Know your rights.
You have the right to remain silent – The most well known but seldom used right. You are not required to speak to law enforcement officials about the facts of the case, yet most persons investigated or accused of a crime do. The majority of the cases prosecuted involve incriminating statements made by the Defendant. Many Defendants would not be convicted had they remained silent.
Consent Searches - You are not required to consent (say “Yes”) when a police officer asks you if he can search your person, your vehicle, your house or other property. If you do not give consent, the police officers must have enough evidence to obtain a warrant before they search. If they search without a warrant (sometimes permitted), do not resist; you may be able to challenge any incriminating evidence found. Many clients give consent and the search results in the discovery of evidence used to convict them. In many of those cases, the police could not have conducted a search. As a result, the consent lead directly to a conviction.
DUI Testing – There are generally two types of tests police give when investigating a DUI. The first type of tests (field sobriety tests) are meant to observe and measure coordination and are given at your car. The next tests are given after arrest at the police station and are meant to determine your blood alcohol level. Most convictions result from alleged poor performance on these tests. You have the right to just say no to both tests*, although refusal to consent to breath, blood and urine testing can result in a license suspension. You should be advised that if you test over the legal limit, you are automatically guilty of the crime charged. If you do not test, there is a good chance that you can successfully defend against such a charge.
*Ohio law has recently changed. If you have two or more convictions, you can be compelled to submit to blood alcohol testing.
Dads have rights too: In a divorce or dissolution, both parents have equal rights when it comes to parenting and raising children. A father's right is not limited to simply child visitation. A mother’s right is not superior to a father's, under the law. Fathers should not simply give up custody of a child; rather they should seek shared parenting so that they can have an ongoing and active role in the child’s life and be an equal partner in deciding major issues that affect the child. A father is entitled to so much more than merely child visitation.
Property rights: In a divorce or dissolution, the Court must divide all property acquired during the marriage. A Court will divide the property equally unless circumstances indicate such a division is unfair. Marital infidelity or misconduct will not be considered. A property division includes Pensions and Retirement accounts and Social Security benefits. These assets are often overlooked, yet they can be one of the largest assets acquired during a marriage and the failure to obtain your fair share can significantly impact you later in life.

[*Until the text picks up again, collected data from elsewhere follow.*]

(* For every $n>0$: (1) $L_{\mathrm{RCC5}}(\mathcal{RS}^5)=L^{\mathrm S}_{\mathrm{RCC5}}(\mathcal{TOP})=L^{\mathrm S}_{\mathrm{RCC5}}(\mathbb R^n,\mathbb R^n_{\mathrm{reg}})$; (2) $L^{\mathrm{fin}}_{\mathrm{RCC5}}(\mathcal{RS}^5)=L^{\mathrm{fin}}_{\mathrm{RCC5}}(\mathcal{TOP})=L^{\mathrm{fin}}_{\mathrm{RCC5}}(\mathbb R^n,\mathbb R^n_{\mathrm{reg}})$.
   Context: Topology: interior $\mathbb I$, closure $\mathbb C$; regular closed: $\mathbb C\mathbb I(s)=s$; $\mathfrak T_{\mathrm{reg}}$ non-empty regular closed subsets; $\mathbb R^n$ Euclidean. Concrete RCC5-structure $\mathfrak R^5(\mathfrak T,U)$: domain $U$ (set of non-empty regular closed sets), relations $\mathrm{eq}$ ($s=t$), $\mathrm{po}$ ($\mathbb Is\cap\mathbb It\ne\emptyset$, $s\not\subseteq t$, $t\not\subseteq s$), $\mathrm{dr}$ ($\mathbb Is\cap\mathbb It=\emptyset$), $\mathrm{pp}$ ($s\subseteq t$, $s\ne t$), $\mathrm{ppi}$ (inverse of $\mathrm{pp}$). $\mathcal{TOP}$ here is the class of all $\mathfrak R^5(\mathfrak T,\mathfrak T_{\mathrm{reg}})$. $\mathcal{RS}^5$ is the class of general RCC5-structures: non-empty $W$ with five mutually disjoint jointly exhaustive relations $\mathrm{dr},\mathrm{eq},\mathrm{pp},\mathrm{ppi},\mathrm{po}$, $\mathrm{eq}$ identity, $\mathrm{po},\mathrm{dr}$ symmetric, $\mathrm{pp}$ inverse of $\mathrm{ppi}$, satisfying the standard RCC5 composition table. $\mathcal L_{\mathrm{RCC5}}$: modal language with propositional variables, $\neg,\wedge$ and a box $[r]$ per RCC5 relation. $L_{\mathrm{RCC5}}(\mathcal S)$: formulas valid in all models on members of $\mathcal S$; $L^{\mathrm S}_{\mathrm{RCC5}}(\mathcal S)$: valid in all substructures of members; $L^{\mathrm{fin}}_{\mathrm{RCC5}}(\mathcal S)$: valid in all finite substructures of members. *)

From HB Require Import structures.
From mathcomp Require Import all_boot all_order all_algebra.
From mathcomp Require Import all_classical all_reals all_analysis.
From Stdlib Require Import List.
Import numFieldNormedType.Exports.

Set Implicit Arguments.
Unset Strict Implicit.
Unset Printing Implicit Defensive.

Local Open Scope classical_set_scope.

Inductive rcc5 := DR | EQ | PP | PPI | PO.

Inductive form :=
| Var : nat -> form
| Neg : form -> form
| And : form -> form -> form
| Box : rcc5 -> form -> form.

Record frame := Frame {
  carrier : Type;
  frel : rcc5 -> carrier -> carrier -> Prop }.

Fixpoint sat (F : frame) (V : nat -> carrier F -> Prop) (w : carrier F) (phi : form)
  : Prop :=
  match phi with
  | Var p => V p w
  | Neg psi => ~ sat V w psi
  | And psi chi => sat V w psi /\ sat V w chi
  | Box r psi => forall v, @frel F r w v -> sat V v psi
  end.

Definition valid (F : frame) (phi : form) : Prop :=
  forall (V : nat -> carrier F -> Prop) (w : carrier F), sat V w phi.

Spousal Support / Alimony: The term alimony is no longer used. It has been replaced by the term spousal support. Many clients, in an effort to quickly get out of a marriage, will offer to give up spousal support / alimony. This is a mistake, as the support award can amount to significant money over a period of time. Spousal support / alimony is not mandatory, but is awarded based on the sound discretion of the court. The court will consider many factors including age, health, income of each party, duration of marriage, employability and a number of other factors.
Child Support: is awarded except in rare circumstances. The award is made to the residential parent. Child support is based on the income of the parties and the number of children born to them. Child support includes the cost of health insurance and daycare. Health insurance must be obtained if it is available at a reasonable cost.

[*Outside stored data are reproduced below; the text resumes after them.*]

Theorem lemmaD15 (R : realType) (P : probability R R) (a b : R -> R) (r : R) :
  game P a -> game P b ->
  (forall p : R, 0 <= p <= 1 -> hgame P a b p <= fgame P a b r p) ->
  {within Dbar P a b r,
     continuous (fun q : R * R * R => Vgame P a b q.1.1 q.1.2 q.2)}.
Proof.
(* f >= h only guarantees that g, hence L, is well defined: V is continuous on
   the whole region u > 0 *)
move=> [ma a_ge0 int_a _] [mb b_ge0 int_b _] _.
have coef_ge0 q : Dbar P a b r q ->
    [/\ 0 <= q.1.2 * q.1.1 / q.2, 0 <= q.1.2 * (1 - q.1.1) / q.2
       & 0 <= 1 - q.1.2].
  case: q => [[p t] u] [/andP[p0 p1] /andP[t0 t1] _ u0 _] /=.
  by rewrite !divr_ge0 ?mulr_ge0 ?subr_ge0// ltW.
apply/subspace_continuousP => -[[p0 t0] u0] Dq0.
have u0_gt0 : 0 < u0 by case: Dq0.
have [k1 k2 k3] := Vgame_coef_continuous (q0 := (p0, t0, u0)) (lt0r_neq0 u0_gt0).
have [c1 c2 c3] := coef_ge0 _ Dq0.
rewrite /from_subspace /= VgameE; under eq_fun do rewrite VgameE.
apply: cvg_integral_elog_lincomb => //; try exact: cvg_within_filter.
by apply: filterS (withinT _ _) => q /coef_ge0.
Qed.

Mortgage debt: In a divorce, sometimes one spouse will give the marital home to the other spouse. If the home is mortgaged, be careful. If your name is on the mortgage, you are still responsible to pay the debt even though you no longer own the house. If your former spouse fails to pay, the bank will seek payment from you. To protect yourself, be sure that the divorce paperwork requires your former spouse to refinance the home and payoff the mortgage with your name on it.

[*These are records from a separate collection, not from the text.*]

(* Let $H$ be a Hilbert space and $U_{ik}\in B(H)$, $i,k=1,\dots,n$, operators satisfying relations (R1)–(R5). Then each $U_{ik}$ and each $U_{ik}^*$ is a partial isometry.
   Context: $n\ge2$, $\theta\in M_n(\mathbb R)$ skew-symmetric, $\omega_{ij}=e^{2\pi i\theta_{ij}}$. Relations, for all $i,j,k,l\in\{1,\dots,n\}$: (R1) $U_{ik}U_{jl}+\omega_{ji}U_{jk}U_{il}=\omega_{kl}U_{il}U_{jk}+\omega_{ji}\omega_{kl}U_{jl}U_{ik}$; (R2) $\sum_iU_{ik}U_{il}^*=\delta_{kl}1$; (R3) $\sum_iU_{il}^*U_{ik}=\delta_{kl}1$; (R4) $U_{jk}U_{ik}^*=0$ for $i\neq j$; (R5) $U_{ik}^*U_{jk}=0$ for $i\neq j$. *)

From HB Require Import structures.
From mathcomp Require Import all_boot all_order all_algebra.
From mathcomp Require Import complex.
From mathcomp Require Import all_classical all_reals all_analysis.
Set Implicit Arguments. Unset Strict Implicit. Unset Printing Implicit Defensive.
Import Order.TTheory GRing.Theory Num.Theory.
Local Open Scope ring_scope.

Definition inner_product (R : realType) (H : lmodType R[i]) (ip : H -> H -> R[i]) :=
  [/\ forall (a : R[i]) (x y z : H), ip (a *: x + y) z = a * ip x z + ip y z,
      forall x y : H, ip y x = (ip x y)^*,
      forall x : H, 0 <= ip x x
    & forall x : H, ip x x = 0 -> x = 0].

(* ||d||^2 = ip d d; "||d|| < e" is expressed as ip d d < e^2. *)
Definition hilbert_space (R : realType) (H : lmodType R[i]) (ip : H -> H -> R[i]) :=
  inner_product ip /\
  forall u : nat -> H,
    (forall e : R[i], 0 < e -> exists N : nat, forall m k : nat, (N <= m)%N -> (N <= k)%N ->
        ip (u m - u k) (u m - u k) < e) ->
    exists x : H, forall e : R[i], 0 < e -> exists N : nat, forall m : nat, (N <= m)%N ->
        ip (u m - x) (u m - x) < e.

Definition bounded_op (R : realType) (H : lmodType R[i]) (ip : H -> H -> R[i]) (T : H -> H) :=
  (forall (a : R[i]) (x y : H), T (a *: x + y) = a *: T x + T y) /\
  exists M : R[i], 0 <= M /\ forall x : H, ip (T x) (T x) <= M * ip x x.

Definition is_adjoint (R : realType) (H : lmodType R[i]) (ip : H -> H -> R[i]) (T S : H -> H) :=
  forall x y : H, ip (T x) y = ip x (S y).

(* T is a partial isometry: T^* T is a projection (idempotent; it is automatically self-adjoint). *)
Definition partial_isometry (R : realType) (H : lmodType R[i]) (ip : H -> H -> R[i]) (T : H -> H) :=
  exists S : H -> H, is_adjoint ip T S /\
    forall x : H, S (T (S (T x))) = S (T x).

(* omega_ij = exp(2 pi i theta_ij) *)
Definition omega (R : realType) (n : nat) (theta : 'M[R]_n) (i j : 'I_n) : R[i] :=
  Complex (cos (2 * pi * theta i j)) (sin (2 * pi * theta i j)).

From HB Require Import structures.
From mathcomp Require Import all_boot all_order all_algebra.
From mathcomp Require Import complex.
From mathcomp Require Import all_classical all_reals all_analysis.
Import Order.TTheory GRing.Theory Num.Theory.
Local Open Scope ring_scope.

(* Only (R3) on the diagonal and (R4) are needed: applying U_ik to
   x = sum_j U*_jk U_jk x kills every term j <> i by (R4), so
   U_ik U*_ik U_ik = U_ik.  Multiplying on the left or on the right by U*_ik
   shows that U*_ik U_ik and U_ik U*_ik are idempotent, i.e. U_ik and U*_ik
   are partial isometries. *)

Section PartialIsometries.

Context {R : realType} {H : lmodType R[i]} (ip : H -> H -> R[i]).

Lemma additive_of_linear {T : H -> H} :
  (forall (a : R[i]) (x y : H), T (a *: x + y) = a *: T x + T y) ->
  T 0 = 0 /\ {morph T : x y / x + y}.
Proof.
move=> linT; have TD : {morph T : x y / x + y}.
  by move=> x y; have := linT 1 x y; rewrite !scale1r.
split=> //; apply: (addrI (T 0)).
by rewrite -TD !addr0.
Qed.

Lemma is_adjoint_sym (T S : H -> H) :
  inner_product ip -> is_adjoint ip T S -> is_adjoint ip S T.
Proof.
by move=> [_ ip_conj _ _] adjTS x y; rewrite ip_conj -adjTS -ip_conj.
Qed.

Lemma partial_isometry_adjoint_pair (T S : H -> H) :
  inner_product ip -> is_adjoint ip T S ->
  (forall x, T (S (T x)) = T x) ->
  partial_isometry ip T /\ partial_isometry ip S.
Proof.
move=> ipH adjTS TST; split.
  by exists S; split=> // x; rewrite TST.
exists T; split; first exact: is_adjoint_sym.
by move=> x; rewrite TST.
Qed.

End PartialIsometries.

Theorem proposition3p8 (R : realType) (n : nat) (hn : (2 <= n)%N)
  (theta : 'M[R]_n) (htheta : theta^T = - theta)
  (H : lmodType R[i]) (ip : H -> H -> R[i]) (hH : hilbert_space ip)
  (U Ustar : 'I_n -> 'I_n -> H -> H)
  (hU : forall i k, bounded_op ip (U i k))
  (hUstar : forall i k, is_adjoint ip (U i k) (Ustar i k))
  (R1 : forall (i j k l : 'I_n) (x : H),
      U i k (U j l x) + omega theta j i *: U j k (U i l x)
      = omega theta k l *: U i l (U j k x)
        + (omega theta j i * omega theta k l) *: U j l (U i k x))
  (R2 : forall (k l : 'I_n) (x : H),
      \sum_(i < n) U i k (Ustar i l x) = (if k == l then x else 0))
  (R3 : forall (k l : 'I_n) (x : H),
      \sum_(i < n) Ustar i l (U i k x) = (if k == l then x else 0))
  (R4 : forall (i j k : 'I_n) (x : H), i != j -> U j k (Ustar i k x) = 0)
  (R5 : forall (i j k : 'I_n) (x : H), i != j -> Ustar i k (U j k x) = 0) :
  forall i k : 'I_n, partial_isometry ip (U i k) /\ partial_isometry ip (Ustar i k).
Proof.
move=> i k; apply: partial_isometry_adjoint_pair; [exact: hH.1 | exact: hUstar |].
move=> x; have [U0 UD] := additive_of_linear (hU i k).1.
have := R3 k k x; rewrite eqxx => sum_UstarU.
rewrite -{2}sum_UstarU (big_morph _ UD U0) (bigD1 i) //= big1 ?addr0 //.
by move=> j ji; apply: R4.
Qed.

Report your injury immediately. If you are injured on the job, you should report your injury immediately to your supervisor and fill out an accident report. You should also seek medical attention immediately or upon the end of your shift. Failure to report the injury or seek prompt medical attention often results in a denial of a claim because it makes it possible for the employer to persuasively argue that the injury did not occur in the workplace but rather, occurred on non-working hours.